Work item:
Look for the word "RHinfD" in the entries and copy every line where it shows up.

Study material:
—————

Lemma real_poly1 : real_poly (1 : {poly C}).
Proof. by rewrite -polyC1; apply/real_polyC/real1. Qed.

Lemma real_polyXMn k : real_poly ('X *+ k : {poly C}).
Proof. by move=> i; rewrite coefMn coefX rpredMn ?realn. Qed.

Lemma real_poly_sign k : real_poly ((-1) ^+ k : {poly C}).
Proof.
elim: k => [|k IH]; first exact: real_poly1.
by rewrite exprS; apply: real_polyM => //; apply/real_polyN/real_poly1.
Qed.

Lemma RHinf_cst (c : C) : c \is Num.real -> RHinf (cst c).
Proof.
move=> hc; exists c%:P, 1; split; first exact: oner_neq0.
- by rewrite tofrac1 invr1 mulr1.
- by rewrite size_poly1 size_polyC_leq1.
- by split; [apply: real_polyC | apply: real_poly1].
- by move=> z; rewrite (negbTE (root1 z)).
Qed.

Lemma RHinf0 : RHinf (0 : F).
Proof. by have := @RHinf_cst 0 (real0 C); rewrite /cst tofrac0. Qed.

Lemma RHinf1 : RHinf (1 : F).
Proof. by have := @RHinf_cst 1 (real1 C); rewrite /cst tofrac1. Qed.

Lemma RHinfD f g : RHinf f -> RHinf g -> RHinf (f + g).
Proof.
move=> [p1 [q1 [nq1 -> s1 [r1 r1'] h1]]] [p2 [q2 [nq2 -> s2 [r2 r2'] h2]]].
exists (p1 * q2 + p2 * q1), (q1 * q2); split.
- by rewrite mulf_neq0.
- by rewrite addf_div ?tofrac_eq0 // tofracD !tofracM.
- rewrite size_mul //; apply: leq_trans (size_polyD _ _) _.
  rewrite geq_max; apply/andP; split; apply: leq_trans (size_polyMleq _ _) _;
  rewrite -!subn1 leq_sub2r //; [by rewrite leq_add2r | by rewrite addnC leq_add2l].
- by split; [apply: real_polyD; apply: real_polyM | apply: real_polyM].
- by move=> z; rewrite rootM => /orP [/h1|/h2].
Qed.

Lemma RHinfN f : RHinf f -> RHinf (- f).
Proof.
move=> [p1 [q1 [nq1 -> s1 [r1 r1'] h1]]]; exists (- p1), q1; split => //.
- by rewrite tofracN mulNr.
- by rewrite size_polyN.
- by split => //; apply: real_polyN.
Qed.

Lemma RHinfM f g : RHinf f -> RHinf g -> RHinf (f * g).
Proof.
move=> [p1 [q1 [nq1 -> s1 [r1 r1'] h1]]] [p2 [q2 [nq2 -> s2 [r2 r2'] h2]]].
exists (p1 * p2), (q1 * q2); split.
- by rewrite mulf_neq0.
- by rewrite mulf_div !tofracM.
- rewrite (size_mul nq1 nq2); apply: leq_trans (size_polyMleq _ _) _.
  by rewrite -!subn1 leq_sub2r // leq_add.
- by split; apply: real_polyM.
- by move=> z; rewrite rootM => /orP [/h1|/h2].
Qed.

End RHinfRing.

Section RHinfMatrices.
Context {C : numClosedFieldType}.
Local Notation F := (rfun C).

Lemma RHinf_mxM m n p (M : 'M[F]_(m, n)) (N : 'M[F]_(n, p)) :
  RHinf_mx M -> RHinf_mx N -> RHinf_mx (M *m N).
Proof.
move=> hM hN i j; rewrite mxE.
by apply: big_ind => [|f g|k _]; [apply: RHinf0 | apply: RHinfD | apply: RHinfM].
Qed.

Lemma RHinf_mxD m n (M N : 'M[F]_(m, n)) :
  RHinf_mx M -> RHinf_mx N -> RHinf_mx (M + N).
Proof. by move=> hM hN i j; rewrite mxE; apply: RHinfD. Qed.

Lemma RHinf_mxN m n (M : 'M[F]_(m, n)) : RHinf_mx M -> RHinf_mx (- M).
Proof. by move=> hM i j; rewrite mxE; apply: RHinfN. Qed.

Lemma RHinf_mx_cst m n (M : 'M[C]_(m, n)) : real_mx M -> RHinf_mx (cst_mx M).
Proof. by move=> hM i j; rewrite mxE; apply: RHinf_cst. Qed.

Lemma RHinf_mx1 n : RHinf_mx (1%:M : 'M[F]_n).
Proof. by move=> i j; rewrite mxE; case: (i == j); [apply: RHinf1 | apply: RHinf0]. Qed.

Lemma RHinf_mx_block m1 m2 n1 n2 (A : 'M[F]_(m1, n1)) (B : 'M[F]_(m1, n2))
  (Cc : 'M[F]_(m2, n1)) (D : 'M[F]_(m2, n2)) :
  RHinf_mx A -> RHinf_mx B -> RHinf_mx Cc -> RHinf_mx D ->
  RHinf_mx (block_mx A B Cc D).
Proof.
move=> hA hB hC hD i j; rewrite -(splitK i) -(splitK j).
case: (split i) => a; case: (split j) => b.
- by rewrite block_mxEul.
- by rewrite block_mxEur.
- by rewrite block_mxEdl.
- by rewrite block_mxEdr.
Qed.

Lemma real_mxM m n p (M : 'M[C]_(m, n)) (N : 'M[C]_(n, p)) :
  real_mx M -> real_mx N -> real_mx (M *m N).
Proof. by move=> hM hN i j; rewrite mxE rpred_sum // => k _; rewrite rpredM. Qed.

End RHinfMatrices.

Section Resolvent.
Context {C : numClosedFieldType}.
Local Notation tf := (@FracField.tofrac {poly C}).

Lemma cst_mxE m n (M : 'M[C]_(m, n)) : cst_mx M = map_mx tf (map_mx polyC M).
Proof. by apply/matrixP => i j; rewrite !mxE. Qed.

Lemma cst_mxM m n p (M : 'M[C]_(m, n)) (N : 'M[C]_(n, p)) :
  cst_mx (M *m N) = cst_mx M *m cst_mx N.
Proof. by rewrite !cst_mxE !map_mxM. Qed.

Lemma cst_mxB m n (M N : 'M[C]_(m, n)) : cst_mx (M - N) = cst_mx M - cst_mx N.
Proof. by rewrite !cst_mxE !map_mxB. Qed.

Lemma cst_mxD m n (M N : 'M[C]_(m, n)) : cst_mx (M + N) = cst_mx M + cst_mx N.
Proof. by rewrite !cst_mxE !map_mxD. Qed.

Lemma cst_mx0 m n : cst_mx (0 : 'M[C]_(m, n)) = 0.
Proof. by rewrite cst_mxE !map_mx0. Qed.

Lemma cst_mx1 n : cst_mx (1%:M : 'M[C]_n) = 1%:M.
Proof. by rewrite cst_mxE !map_mx1. Qed.

Lemma sI_sub_char_poly_mx k (A : 'M[C]_k) :
  (svar C)%:M - cst_mx A = map_mx tf (char_poly_mx A).
Proof. by apply/matrixP => i j; rewrite !mxE rmorphB rmorphMn. Qed.

Lemma sI_sub_unit {k} (A : 'M[C]_k) : (svar C)%:M - cst_mx A \in unitmx.
Proof.
rewrite sI_sub_char_poly_mx unitmxE det_map_mx unitfE tofrac_eq0.
exact/monic_neq0/char_poly_monic.
Qed.

Lemma size_det_le k (M : 'M[{poly C}]_k) :
  (forall i j, size (M i j) <= 2)%N -> (size (\det M) <= k.+1)%N.
Proof.
move=> hM; apply: leq_trans (size_sum _ _ _) _; apply/bigmax_leqP => s _.
rewrite size_Msign; apply: (@leq_trans (\sum_(i < k) 1)%N.+1).
  2: by rewrite sum1_card card_ord.
apply: (big_ind2 (fun (p : {poly C}) (d : nat) => (size p <= d.+1)%N)) => //.
- by rewrite size_poly1.
- move=> p1 d1 p2 d2 h1 h2; apply: leq_trans (size_polyMleq _ _) _; lia.
Qed.

Lemma real_poly_det k (M : 'M[{poly C}]_k) :
  (forall i j, real_poly (M i j)) -> real_poly (\det M).
Proof.
move=> hM; apply: (big_ind (@real_poly C)) => [|p q|s _].
- by rewrite -polyC0; apply/real_polyC/real0.
- exact: real_polyD.
apply/real_polyM/(big_ind (@real_poly C)); first exact: real_poly_sign.
- exact: real_poly1.
- exact: real_polyM.
- by move=> i _; apply: hM.
Qed.

Lemma char_poly_mx_entry {k} (A : 'M[C]_k) i j :
  real_mx A -> (size (char_poly_mx A i j) <= 2)%N /\ real_poly (char_poly_mx A i j).
Proof.
move=> hA; rewrite !mxE; split.
- apply: leq_trans (size_polyD _ _) _; rewrite geq_max size_polyN.
  rewrite (leq_trans (size_polyC_leq1 _)) // andbT.
  by case: (i == j); rewrite ?size_polyX ?size_poly0.
- by apply/real_polyD/real_polyN/real_polyC; [apply: real_polyXMn | apply: hA].
Qed.

(* Cramer's rule: (sI - A)^{-1} = adj(sI - A) / chi_A with deg adj < deg chi_A,
   so the resolvent of a real Hurwitz matrix is in RH-infinity. *)
Lemma RHinf_resolvent k (A : 'M[C]_k) :
  real_mx A -> hurwitz A -> RHinf_mx (resolvent A).
Proof.
move=> hA hurA i j.
have u := sI_sub_unit A; rewrite sI_sub_char_poly_mx in u.
rewrite /resolvent sI_sub_char_poly_mx /invmx u -map_mx_adj det_map_mx !mxE mulrC.
have minor a b := char_poly_mx_entry A (lift j a) (lift i b) hA.
exists (\adj (char_poly_mx A) i j), (char_poly A); split.
- exact/monic_neq0/char_poly_monic.
- by rewrite [in RHS]mxE.
- rewrite size_char_poly !mxE /cofactor size_Msign.
  apply: (@leq_trans k.-1.+1); last lia.
  by apply: size_det_le => a b; have [+ _] := minor a b; rewrite !mxE.
- split; last by apply: real_poly_det => a b; case: (char_poly_mx_entry A a b hA).
  rewrite !mxE /cofactor; apply: real_polyM; first exact: real_poly_sign.
  by apply: real_poly_det => a b; have [_] := minor a b; rewrite !mxE.
- by move=> z hz; apply: hurA; rewrite eigenvalue_root_char.
Qed.

End Resolvent.

Section YoulaParametrisation.
Context {C : numClosedFieldType} {p m : nat} {H : 'M[rfun C]_(p, m)}.
Local Notation F := (rfun C).

Local Notation loop Kc := (block_mx 1%:M (- H) (- Kc) 1%:M).

(* For Khat = (I + Qhat H)^{-1} Qhat the closed-loop matrix has an inverse
   that is polynomial in H and Qhat (no inversion of I + Qhat H needed). *)
Lemma loop_inverse (Qh : 'M[F]_(m, p)) :
  let U := 1%:M + Qh *m H in U \in unitmx ->
  loop (invmx U *m Qh) *m block_mx (1%:M + H *m Qh) (H + H *m Qh *m H) Qh U
  = 1%:M.
Proof.
move=> U hU; rewrite mulmx_block (scalar_mx_block p m 1).
have QhU : Qh *m (1%:M + H *m Qh) = U *m Qh.
  by rewrite mulmxDr mulmx1 mulmxDl mul1mx mulmxA.
have QhUH : Qh *m (H + H *m Qh *m H) = U *m (Qh *m H).
  by rewrite mulmxDr mulmxDl mul1mx !mulmxA.
congr block_mx.
- by rewrite mul1mx mulNmx addrK.
- by rewrite mul1mx mulNmx mulmxDr mulmx1 mulmxA subrr.
- by rewrite mulNmx mul1mx -mulmxA QhU (mulKmx hU) addNr.
- rewrite mulNmx mul1mx -[invmx U *m Qh *m _]mulmxA QhUH (mulKmx hU).
  by rewrite /U addrC addrK.
Qed.

Lemma stabilizing_of_param (Qh : 'M[F]_(m, p)) :
  RHinf_mx H -> RHinf_mx Qh -> 1%:M + Qh *m H \in unitmx ->
  stabilizing H (invmx (1%:M + Qh *m H) *m Qh).
Proof.
move=> hH hQh hU; have MN := loop_inverse Qh hU.
have [Mu _] := mulmx1_unit MN; split => //.
rewrite -[invmx _]mulmx1 -MN mulmxA (mulVmx Mu) mul1mx.
have hHQh : RHinf_mx (H *m Qh) by apply: RHinf_mxM.
have hQhH : RHinf_mx (Qh *m H) by apply: RHinf_mxM.
have hHQhH : RHinf_mx (H *m Qh *m H) by apply: RHinf_mxM.
by apply: RHinf_mx_block => //; apply: RHinf_mxD => //; apply: RHinf_mx1.
Qed.

(* Conversely, the lower-left block Qhat of the closed-loop inverse of a
   stabilising Khat is in RH-infinity and recovers Khat. *)
Lemma param_of_stabilizing (Kh : 'M[F]_(m, p)) :
  stabilizing H Kh ->
  exists Qh : 'M[F]_(m, p), [/\ RHinf_mx Qh, 1%:M + Qh *m H \in unitmx &
                               Kh = invmx (1%:M + Qh *m H) *m Qh].
Proof.
case=> Mu hN; have NM := mulVmx Mu; move: hN NM; set N := invmx _ => hN.
rewrite -(submxK N) mulmx_block (scalar_mx_block p m 1).
case/eq_block_mx => _ _ N3E N4E.
have {}N3E : dlsubmx N = drsubmx N *m Kh.
  by apply/eqP; rewrite -subr_eq0 -N3E mulmx1 mulmxN.
have {}N4E : drsubmx N = 1%:M + dlsubmx N *m H.
  by rewrite -N4E mulmxN mulmx1 [- _ + _]addrC subrK.
have N4u : drsubmx N \in unitmx.
  apply: (proj1 (mulmx1_unit (B := 1%:M - Kh *m H) _)).
  by rewrite mulmxBr mulmx1 mulmxA -N3E {1}N4E addrK.
exists (dlsubmx N); split.
- by move=> i j; rewrite !mxE; apply: hN.
- by rewrite -N4E.
- by rewrite -N4E N3E mulmxA (mulVmx N4u) mul1mx.
Qed.

End YoulaParametrisation.

Section RectifierGeometry.
Context {C : numClosedFieldType} {n m q r : nat}.
Context {A : 'M[C]_n} {B : 'M[C]_(n, m)} {L : 'M[C]_(n, q)}.
Context {P : 'M[C]_(r, n)} {Pd : 'M[C]_(n, r)} {Pb : 'M[C]_(q, n)} {Pbd : 'M[C]_(n, q)}.
Local Notation F := (rfun C).
Hypothesis decomp : Pd *m P + Pbd *m Pb = 1%:M.
Hypothesis PL0 : P *m L = 0.
Hypothesis PbL_unit : Pb *m L \in unitmx.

—————

Exercise answer:
Lemma RHinfD f g : RHinf f -> RHinf g -> RHinf (f + g).
by apply: big_ind => [|f g|k _]; [apply: RHinf0 | apply: RHinfD | apply: RHinfM].
Proof. by move=> hM hN i j; rewrite mxE; apply: RHinfD. Qed.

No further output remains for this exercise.